(Dataset excerpts)
Lemma col_op_red r x : a r -> r \in F -> x != c ->
  col_op cs (F :\ r) x = [eta col_op (c :: cs) F with r |-> consumed_op cs r] x.
Proof.
move=> ar rF xc; rewrite /= /col_op /consumed_op.
case: eqP => [->|/eqP xr]; first by rewrite in_setD1 eqxx /= andbF (a_excl_b ar).
by rewrite in_setD1 xr inE (negbTE xc).
Qed.

Lemma ptrace_red r m : a r -> r \in F ->
  ptrace cs (F :\ r) m = trace_coef (fun p =>
    opprod [eta col_op (c :: cs) F with r |-> consumed_op cs r] s1
      (opprod [eta col_op (c :: cs) F with r |-> consumed_op cs r] s2 p)) m.
Proof.
move=> ar rF; rewrite /ptrace /trace_coef enum_split opprod_cat /=.
have -> : col_op cs (F :\ r) c = id.
  by rewrite /col_op in_setD1 (negbTE cNF) !andbF bc (negbTE cNcs) andbF.
have eq_s (s : seq 'I_L) p : c \notin s ->
    opprod (col_op cs (F :\ r)) s p
    = opprod [eta col_op (c :: cs) F with r |-> consumed_op cs r] s p.
  elim: s => //= x s IH; rewrite inE negb_or => /andP[xc /IH ->].
  by rewrite col_op_red // eq_sym.
by rewrite !eq_s // ?mem_s1 ?mem_s2 ltnn.
Qed.

Lemma nfree_split : nfree F = (count (mem F) s1 + count (mem F) s2)%N.
Proof. by rewrite /nfree cardE size_filter -enumT enum_split count_cat /= (negbTE cNF). Qed.

Lemma sgap_s1 r : r \in s1 -> sgap c r F = count (fun x => (x \in F) && ord_lt r x) s1.
Proof.
rewrite mem_s1 => rc; rewrite /sgap card_set_count enum_split count_cat /= (negbTE cNF).
rewrite add0n [X in (_ + X)%N](_ : _ = 0%N) ?addn0.
  apply: eq_in_count => x; rewrite mem_s1 => xc /=.
  by rewrite cyclic_between ?(ltn_eqF rc) // rc xc andbT.
apply/eqP; rewrite eqn0Ngt -has_count; apply/hasPn => x; rewrite mem_s2 => cx /=.
by rewrite cyclic_between ?(ltn_eqF rc) // rc (leq_gtF (ltnW cx)) !andbF.
Qed.

Lemma sgap_s2 r : r \in s2 ->
  sgap c r F = (count (mem F) s1 + count (fun x => (x \in F) && ord_lt r x) s2)%N.
Proof.
rewrite mem_s2 => cr; rewrite /sgap card_set_count enum_split count_cat /= (negbTE cNF).
congr (_ + _)%N; apply: eq_in_count => x.
  by rewrite mem_s1 => xc /=; rewrite cyclic_between ?(gtn_eqF cr) // (leq_gtF (ltnW cr)) xc orbT andbT.
by rewrite mem_s2 => cx /=; rewrite cyclic_between ?(gtn_eqF cr) // (leq_gtF (ltnW cr)) (leq_gtF (ltnW cx)) orbF.
Qed.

**Your objective**
Start to finish, copy the records above with no differences.

**Response to this exercise**
Lemma col_op_red r x : a r -> r \in F -> x != c ->
  col_op cs (F :\ r) x = [eta col_op (c :: cs) F with r |-> consumed_op cs r] x.
Proof.
move=> ar rF xc; rewrite /= /col_op /consumed_op.
case: eqP => [->|/eqP xr]; first by rewrite in_setD1 eqxx /= andbF (a_excl_b ar).
by rewrite in_setD1 xr inE (negbTE xc).
Qed.

Lemma ptrace_red r m : a r -> r \in F ->
  ptrace cs (F :\ r) m = trace_coef (fun p =>
    opprod [eta col_op (c :: cs) F with r |-> consumed_op cs r] s1
      (opprod [eta col_op (c :: cs) F with r |-> consumed_op cs r] s2 p)) m.
Proof.
move=> ar rF; rewrite /ptrace /trace_coef enum_split opprod_cat /=.
have -> : col_op cs (F :\ r) c = id.
  by rewrite /col_op in_setD1 (negbTE cNF) !andbF bc (negbTE cNcs) andbF.
have eq_s (s : seq 'I_L) p : c \notin s ->
    opprod (col_op cs (F :\ r)) s p
    = opprod [eta col_op (c :: cs) F with r |-> consumed_op cs r] s p.
  elim: s => //= x s IH; rewrite inE negb_or => /andP[xc /IH ->].
  by rewrite col_op_red // eq_sym.
by rewrite !eq_s // ?mem_s1 ?mem_s2 ltnn.
Qed.

Lemma nfree_split : nfree F = (count (mem F) s1 + count (mem F) s2)%N.
Proof. by rewrite /nfree cardE size_filter -enumT enum_split count_cat /= (negbTE cNF). Qed.

Lemma sgap_s1 r : r \in s1 -> sgap c r F = count (fun x => (x \in F) && ord_lt r x) s1.
Proof.
rewrite mem_s1 => rc; rewrite /sgap card_set_count enum_split count_cat /= (negbTE cNF).
rewrite add0n [X in (_ + X)%N](_ : _ = 0%N) ?addn0.
  apply: eq_in_count => x; rewrite mem_s1 => xc /=.
  by rewrite cyclic_between ?(ltn_eqF rc) // rc xc andbT.
apply/eqP; rewrite eqn0Ngt -has_count; apply/hasPn => x; rewrite mem_s2 => cx /=.
by rewrite cyclic_between ?(ltn_eqF rc) // rc (leq_gtF (ltnW cx)) !andbF.
Qed.

Lemma sgap_s2 r : r \in s2 ->
  sgap c r F = (count (mem F) s1 + count (fun x => (x \in F) && ord_lt r x) s2)%N.
Proof.
rewrite mem_s2 => cr; rewrite /sgap card_set_count enum_split count_cat /= (negbTE cNF).
congr (_ + _)%N; apply: eq_in_count => x.
  by rewrite mem_s1 => xc /=; rewrite cyclic_between ?(gtn_eqF cr) // (leq_gtF (ltnW cr)) xc orbT andbT.
by rewrite mem_s2 => cx /=; rewrite cyclic_between ?(gtn_eqF cr) // (leq_gtF (ltnW cr)) (leq_gtF (ltnW cx)) orbF.
Qed.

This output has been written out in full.